Analysts saw those comments as an attempt to placate those in Western capitals concerned about China's growing influence in the Gulf region, and in the UAE and Saudi Arabia in particular.
“I think Faisal bin Farhan’s statement was one of trying to balance expectations and signal to the Biden administration that the Saudis are not definitively taking sides, but rather are seeking to maximise their own leverage in multiple relationships that they see as not mutually exclusive,” says Kristian Coates Ulrichsen, fellow for the Middle East at Rice University’s Baker Institute for Public Policy.
“There is a feeling in the Biden administration that, under Mohammed bin Zayed, the UAE has made a choice to go its own way and do its own thing, but that with Saudi Arabia, there is still a chance to offer Mohammed bin Salman a package that can outdo anything China can come up with.”
Such considerations are nevertheless likely to delay rather than prevent Riyadh from taking up the offer to join Brics or deepen its involvement with the SCO.
There are good reasons for moving with some caution, though. Recent UK media reports have suggested that Saudi Arabia is lobbying to join a project by the UK, Italy and Japan to develop a next-generation fighter jet – something that would give it access to technology that would be hard or impossible to replicate from other, non-Western sources.

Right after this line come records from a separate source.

(* a multi-index i in Z_{>=0}^N is a list nat of length N *)
Fixpoint boxidx (N M : nat) : list (list nat) :=
  match N with
  | O => [ [] ]
  | S n => flat_map (fun k => map (cons k) (boxidx n M)) (seq 0 (S M))
  end.

Definition CsumL {A} (l : list A) (g : A -> Cplx) : Cplx :=
  fold_right (fun i acc => Cadd (g i) acc) Czero l.
Definition RsumL {A} (l : list A) (g : A -> R) : R :=
  fold_right (fun i acc => g i + acc) 0 l.

(* A multi-series sum_i T i x (i ranging over Z_{>=0}^N) converges absolutely
   and uniformly on W to S: the absolute series has uniformly small tails, and
   the (box) partial sums converge to S x for each x in W. *)
Definition multi_conv_abs_unif {X : Type} (N : nat) (T : list nat -> X -> Cplx)
    (W : X -> Prop) (S : X -> Cplx) : Prop :=
  (forall eps, 0 < eps -> exists M, forall M' x, (M <= M')%nat -> W x ->
      RsumL (boxidx N M') (fun i => Cnorm (T i x))
      - RsumL (boxidx N M) (fun i => Cnorm (T i x)) < eps)
  /\ (forall x, W x -> Cseq_lim (fun M => CsumL (boxidx N M) (fun i => T i x)) (S x)).

(* (lambda_e(z) - 1)^i = prod_j (z^{e_j} - 1)^{i_j} *)
Definition lam_mono (e i : list nat) (z : Cplx) : Cplx :=
  fold_right (fun p acc => Cmul (Cpow (Csub (Cpow z (fst p)) Cone) (snd p)) acc)
    Cone (combine e i).

Definition exponent_vector (N : nat) (e : list nat) : Prop :=
  (1 <= N)%nat /\ length e = N /\ Forall (fun k => (0 < k)%nat) e.

Definition Ceq_dec (z w : Cplx) : {z = w} + {z <> w}.
Proof.
  destruct z as [x y], w as [x' y'].
  destruct (Req_EM_T x x') as [H1|H1]; destruct (Req_EM_T y y') as [H2|H2].
  - left; subst; reflexivity.
  - right; intro H; inversion H; contradiction.
  - right; intro H; inversion H; contradiction.
  - right; intro H; inversion H; contradiction.
Defined.

Definition pole_ext (F : Cplx -> Cplx) (nu : nat) (L : Cplx) (z : Cplx) : Cplx :=
  if Ceq_dec z Cone then L else Cmul (Cpow (Csub z Cone) nu) (F z).

(* alpha(z) = sum_{n>=0} a (n+1) z^n ; (a n)_{n>=1}; a 0 is unused. *)
Definition alpha_term (a : nat -> Cplx) (z : Cplx) : nat -> Cplx :=
  fun n => Cmul (a (S n)) (Cpow z n).

Definition in_disk (z : Cplx) : Prop := Cnorm z < 1.
Definition in_ball1 (r : R) (z : Cplx) : Prop := Cnorm (Csub z Cone) < r.

(* tame_data a F nu r L :
   F is the holomorphic extension of alpha to (disk) U (B(1,r) \ {1}),
   with a pole of order nu at 1: z |-> (z-1)^nu F z extends holomorphically
   to B(1,r) with value L at 1 (L <> 0 when nu > 0);
   and (z-1)^nu alpha(z) is a multi-power series around 1 on a neighbourhood
   of (0,1]. *)
Definition tame_data (a : nat -> Cplx) (F : Cplx -> Cplx) (nu : nat) (r : R) (L : Cplx) : Prop :=
  (forall z, in_disk z -> Cseries_sum (alpha_term a z) (F z)) /\
  0 < r /\
  (forall z, in_ball1 r z -> z <> Cone -> Cdifferentiable F z) /\
  (forall z, in_ball1 r z -> Cdifferentiable (pole_ext F nu L) z) /\
  ((0 < nu)%nat -> L <> Czero) /\
  (exists (U : Cplx -> Prop) (N : nat) (e : list nat) (d : list nat -> Cplx),
      nbhd_0_1 U /\ (forall z, U z -> in_disk z \/ in_ball1 r z) /\
      exponent_vector N e /\
      multi_conv_abs_unif N (fun i z => Cmul (d i) (lam_mono e i z)) U
        (pole_ext F nu L)).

The issue will likely be on the agenda if and when Mohammed bin Salman travels to London in the coming months – a visit that has been suggested but is unconfirmed at the time of writing. Such visits remain controversial in Western capitals, where the diplomatic concerns that emerged over relations with Saudi Arabia in 2018 are far from resolved.
“Saudi is engaged in extreme hedging,” says Cinzia Bianco, visiting fellow at the European Council on Foreign Relations.

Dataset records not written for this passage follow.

(* Let $G$ be a countable group, let $X$ be an incontractible $G$-flow and let $Y$ be a minimal, proximal $G$-flow. Then $X$ and $Y$ are disjoint.
   Context: A $G$-flow is a compact Hausdorff space with an action of $G$ by homeomorphisms. A point $x$ of a $G$-flow is minimal if $\overline{G\cdot x}$ is a minimal flow (every orbit in it dense). A $G$-flow $X$ is incontractible if for every $n\in\mathbb{N}$ the minimal points of $X^n$ (diagonal action) are dense in $X^n$. A $G$-flow $Y$ is proximal if for all $y_1,y_2\in Y$ there exist $z\in Y$ and a net $(g_i)$ in $G$ with $g_iy_1\to z$ and $g_iy_2\to z$. Two $G$-flows $X,Y$ are disjoint if the only closed $G$-invariant subset of $X\times Y$ projecting onto both factors is $X\times Y$. *)

From Stdlib Require Import List.
Import ListNotations.
Set Implicit Arguments.

Definition opens (T : Type) := (T -> Prop) -> Prop.

Definition is_topology {T : Type} (op : opens T) : Prop :=
  op (fun _ => True) /\
  (forall U V, op U -> op V -> op (fun x => U x /\ V x)) /\
  (forall F : (T -> Prop) -> Prop,
      (forall U, F U -> op U) -> op (fun x => exists U, F U /\ U x)).

Definition closed {T : Type} (op : opens T) (A : T -> Prop) : Prop :=
  op (fun x => ~ A x).

Definition closure {T : Type} (op : opens T) (A : T -> Prop) (x : T) : Prop :=
  forall U, op U -> U x -> exists y, U y /\ A y.

Definition dense {T : Type} (op : opens T) (A : T -> Prop) : Prop :=
  forall x, closure op A x.

Definition compact {T : Type} (op : opens T) : Prop :=
  forall F : (T -> Prop) -> Prop,
    (forall U, F U -> op U) -> (forall x, exists U, F U /\ U x) ->
    exists l : list (T -> Prop),
      (forall U, In U l -> F U) /\ (forall x, exists U, In U l /\ U x).

Definition hausdorff {T : Type} (op : opens T) : Prop :=
  forall x y, x <> y -> exists U V, op U /\ op V /\ U x /\ V y /\
                                   (forall z, ~ (U z /\ V z)).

“Indeed, I think Riyadh has suggested reluctance to join Brics just to buy time and signal to Western partners that it is not too eager to join. But I believe Riyadh has long made that call and will join Brics, as well as the SCO.
“I am not entirely sure what MBS can achieve in London. I know that they want in on the Tempest fighter jet and to sign a bilateral free trade agreement with the UK, but on both questions, there are substantial political obstacles.”
The challenge is that, as 2030 nears, so much of Mohammed bin Salman’s credibility has been vested in that year that officials will feel under intense pressure to deliver results, however they achieve them
Kristian Coates Ulrichsen, Rice University’s Baker Institute for Public Policy
Domestic performance
On the domestic front, there are other, broader considerations for Mohammed bin Salman.
As was the case with the launch of the new Global Water Organisation, he often attaches himself closely to new initiatives – something also seen in Riyadh’s bid to host the Expo 2030 trade fair and the broader Vision 2030 strategy to remodel the economy. However, this creates risks if the new projects fail to create the stir that officials hope.
“There’s no doubt that the Saudi crown prince has wagered a substantial degree of financial and political capital as part of his transformation agenda for the country,” says Robert Mogielnicki, senior resident scholar at the Arab Gulf States Institute in Washington.
On the other hand, it might be that there is so much change under way that all the other activity overshadows any failures.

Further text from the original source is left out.